Pero, claro, la gran amargura que sentía era en realidad contra mí misma. Lo había estropeado. Había hecho todo lo que había jurado no hacer: desde enamorarme de un hombre casado a obedecer a los imperativos de mi maldito reloj biológico. Todos hablamos de «construir una vida»: encontrar una profesión que te llene, una relación que te llene, un equilibrio que te llene entre lo profesional y lo personal. Las revistas están llenas de estrategias falsas para construir esta existencia perfectamente sincronizada y hecha a medida. Pero la verdad es que cuando se trata de lo importante —el hombre que te rompe el corazón, el hombre con el que acabas teniendo un hijo— eres una rehén del destino, como cualquier idiota. ¿Y si nunca hubiera trabajado para Hardin, Tyrell y Barney? ¿Y si no hubiera ido a tomar algo con Peter? Un encuentro casual por aquí, una decisión apresurada por allí... y una mañana te despiertas a los cuarenta, divorciada y madre. Y te preguntas: ¿cómo es posible que haya acabado así?
Empezó a sonar el teléfono, haciéndome salir de mi ensueño con un sobresalto. Miré mi reloj. Eran casi las nueve de la mañana. ¿Cuándo había perdido la noción del tiempo?
—¿Eres tú, Kate?
La voz me sorprendió. Era mi hermano. Era la primera vez que me llamaba a casa en muchos años.
—¿Charlie?
—Sí, soy yo.
—Te has levantado temprano.
—No podía dormir. Solo quería decirte que... me alegré de verte, Kate.
—Vaya.
—Y no quiero que pasen otros siete años...
—Como te dije ayer, Charlie, eso es cosa tuya.
—Ya lo sé, ya lo sé.
Calló un momento.
—Bueno —dije— ya sabes dónde estoy. Llámame si te apetece. Y si no lo haces, sobreviviré. Tú rompiste la comunicación. Si quieres volver a mantener el contacto, es cosa tuya. ¿Te parece bien?
—Sí, claro.
—Vale.
Otro de sus malditos silencios nerviosos.
—Bien, pues, tengo que irme, Charlie.
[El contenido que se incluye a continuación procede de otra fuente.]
(* A decorated permutation is a pair (pi, C) where C is the set of fixed
   points of pi colored counterclockwise (C must be a subset of the fixed
   points); the other fixed points are colored clockwise. *)
Definition fixpts (n : nat) (pi : {perm 'I_n}) : {set 'I_n} :=
  [set i | pi i == i].

Definition aligned (n : nat) (pi : {perm 'I_n}) (C : {set 'I_n}) (i j : 'I_n)
  : bool :=
  [&& i != j, i != pi j, pi i != j, pi i != pi j,
      cyc_ordered n (undup [:: val i; val (pi i); val (pi j); val j]),
      (pi i == i) ==> (i \in C) &
      (pi j == j) ==> (j \notin C)].

Definition al (n : nat) (pi : {perm 'I_n}) (C : {set 'I_n}) : nat :=
  #|[set p : 'I_n * 'I_n | (val p.1 < val p.2)%N &&
        (aligned pi C p.1 p.2 || aligned pi C p.2 p.1)]|.

Definition Kstat (n : nat) (pi : {perm 'I_n}) (C : {set 'I_n}) : nat :=
  (#|[set i : 'I_n | val i < val (pi i)]| + #|C|)%N.

Local Open Scope ring_scope.

(* A_{k,n}(q), evaluated at a unit q of a commutative ring (integer exponents). *)
Definition Apoly (R : comUnitRingType) (k n : nat) (q : R) : R :=
  \sum_(pi : {perm 'I_n})
    \sum_(C : {set 'I_n} | (C \subset fixpts pi) && (Kstat pi C == k))
       q ^ ((k * (n - k))%N%:Z - (al pi C)%:Z).

Definition wexc (m : nat) (pi : {perm 'I_m}) : nat :=
  #|[set i : 'I_m | (val i <= val (pi i))%N]|.

(* E_{k,m}(q): ordinary permutations = all fixed points counterclockwise *)
Definition Epoly (R : comUnitRingType) (k m : nat) (q : R) : R :=
  \sum_(pi : {perm 'I_m} | wexc pi == k)
     q ^ ((k * (m - k))%N%:Z - (al pi (fixpts pi))%:Z).

From HB Require Import structures.
From mathcomp Require Import all_boot all_order all_algebra all_fingroup.
From mathcomp Require Import zify.
Import Order.TTheory GRing.Theory Num.Theory.

Set Implicit Arguments.
Unset Strict Implicit.
Unset Printing Implicit Defensive.

(* Group the decorated permutations by the set D of their fixed points
   coloured clockwise.  Deleting one such point j and closing up the circle is
   a bijection onto the decorated permutations of [n-1] with clockwise set
   D - j; it preserves K and the alignments not involving j.  As j is
   clockwise, the alignments involving j are the aligned pairs (i, j): the
   counterclockwise fixed points i and the arcs i -> pi(i) that do not pass
   over j.  Their number is K, corrected by the arcs passing over j upwards
   minus those passing over it downwards, and these two numbers agree because
   pi is a bijection.  So deleting j removes exactly k alignments, as many as
   k(n-k) loses, and the weight is unchanged: by induction the permutations
   with clockwise set D contribute E_{k,n-|D|}, and there are binomial(n, i)
   sets D of size i. *)

Lemma bumpE h i : bump h i = if h <= i then i.+1 else i.
Proof. by rewrite /bump; case: leqP. Qed.

Lemma ltn_bump2 h i i' : (bump h i < bump h i') = (i < i').
Proof. by rewrite !ltnNge leq_bump2. Qed.

Lemma ltn_bumpl h i : (bump h i < h) = (i < h).
Proof. by rewrite bumpE; case: (leqP h i) => hi; apply/idP/idP; lia. Qed.

Lemma ltn_bumpr h i : (h < bump h i) = (h <= i).
Proof. by rewrite bumpE; case: (leqP h i) => hi; apply/idP/idP; lia. Qed.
Ya nos veremos...
Interrumpió mi despedida soltando:
—¿Puedes prestarme cinco mil dólares?
—¿Qué?
La voz empezó a temblarle.
—Mira, lo siento... Sé que me odiarás por pedírtelo, pero... sabes que tenía una entrevista de trabajo... como representante de Pacific Floral Service. La mayor empresa de reparto de flores de la Costa Oeste. Lo único que he encontrado donde quisieran entrevistar a alguien de más de cincuenta años... Así de mal están las cosas en el mercado. Si pasas de los cincuenta.
—No me lo recuerdes. ¿No era hoy la entrevista?
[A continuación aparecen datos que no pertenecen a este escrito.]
Lemma frame_policy_valid : valid_run src fan sch frame_policy A.
Proof.
move=> t i f X k tX tk; have src_f : src f = i.
  by have [+ _] := sch_valid t => /(_ i); rewrite tX; case.
subst i.
have [eq_k lek ltk] := sent_in_batch tX tk; split.
  move: tk; rewrite /frame_policy tX; case: ifP => // ltkA [<-].
  by rewrite (leq_trans ltkA) // A_mono // leq_divM.
have [j jf unseen] := role_fresh (ltn_pmod t sch_nonempty) tX.
case/(_ j jf) => s [X' [ltst [sX' [jX' sk]]]].
have [eq_k' lek' ltk'] := sent_in_batch sX' sk.
have same_frame : s %/ F = t %/ F.
  apply/eqP; rewrite eqn_leq leq_div2r ?(ltnW ltst) //= leqNgt; apply/negP => lt_frames.
  by have := leq_trans ltk' (batch_start_mono f lt_frames); rewrite ltnNge lek.
have same_role : role f (s %% F) = role f (t %% F).
  by apply/eqP; rewrite -(eqn_add2l (batch_start A f (t %/ F))) -eq_k -same_frame -eq_k'.
have lt_slots : s %% F < t %% F.
  by move: ltst; rewrite {1}(divn_eq s F) {1}(divn_eq t F) same_frame ltn_add2l.
by have := unseen _ _ lt_slots sX' same_role; rewrite jX'.
Qed.

Lemma frame_policy_guarantee : frame_guarantee src fan sch frame_policy A c.
Proof.
case=> // nn _ f k [[ltkA unserved] oldest] /=.
have lek : batch_start A f nn <= k.
  by rewrite leqNgt; apply/negP => /served_below_batch.
apply: served_below_batch; rewrite /= leq_min ltkA andbT.
have := oldest (iota (batch_start A f nn) (k - batch_start A f nn)) (iota_uniq _ _).
rewrite size_iota; suff /[swap]/[apply]: forall k', k' \in iota (batch_start A f nn)
    (k - batch_start A f nn) -> k' < k /\ in_queue src fan sch frame_policy A f k' (nn * F) by lia.
move=> k'; rewrite mem_iota => /andP[lek' ltk']; have ltk'k : k' < k by lia.
split=> //; split; first exact: ltn_trans ltkA.
by have [j jf] := fan_nonempty f; move/(_ j jf)/delivered_below_batch; rewrite ltnNge lek'.
Qed.

End Run.

Lemma frame_schedule_policy : exists pol : policy m Fl, causal pol /\
  forall A : arrivals Fl, arrivals_monotone A ->
    valid_run src fan sch pol A /\ frame_guarantee src fan sch pol A c.
Proof.
exists frame_policy; split=> [|A A_step]; first exact: frame_policy_causal.
by split; [exact: frame_policy_valid | exact: frame_policy_guarantee].
Qed.

End FrameSchedule.

Section TwoByNSchedule.
Variables (n F c0 : nat) (cu : 'I_n.+1 -> nat).

Definition block_start (k : nat) : nat := \sum_(j < k) cu (inord j).
Definition unicast_slots : nat := block_start n.+1.
Definition block_of (t : nat) : 'I_n.+1 := inord (\sum_(j < n.+1) (block_start j.+1 <= t : nat)).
—En teoría. Pero cuando llegué ayer a casa, me encontré un mensaje del departamento de Recursos Humanos de Pacific Floral. Me decían que habían decidido cubrir la vacante con un empleado y anulaban la entrevista.
—Lo siento.
—No tanto como yo. No tanto como yo, porque... bueno... ni siquiera era un trabajo de dirección... Era solo de comercial matado... Era...
Se le quebró la voz.
—¿Estás bien, Charlie?
Oí que respiraba profundamente.
—No, no estoy bien. Porque si no encuentro cinco mil dólares antes del viernes, el banco va a quedarse con la casa.
—¿Con los cinco mil solucionarás el problema?
—En realidad no... porque le debo al banco siete mil más.
—Dios mío, Charlie.
—Ya lo sé, ya lo sé... Pero las deudas se empiezan a acumular cuando llevas seis meses sin trabajo. Y te aseguro que he intentado pedir dinero prestado en todas partes. Pero la casa ya tiene dos hipotecas...
—¿Qué dice Holly?
—Ella... ella no sabe lo mal que están las cosas.
—¿Me estás diciendo que no se lo has contado?
—No... Es que no... no quiero preocuparla.
—Bueno, se va a preocupar bastante cuando os desahucien de la casa.
—No digas esa palabra, desahucio.
—¿Qué vas a hacer?
—No lo sé. Todos los ahorros que teníamos... y unas pocas acciones... se han esfumado.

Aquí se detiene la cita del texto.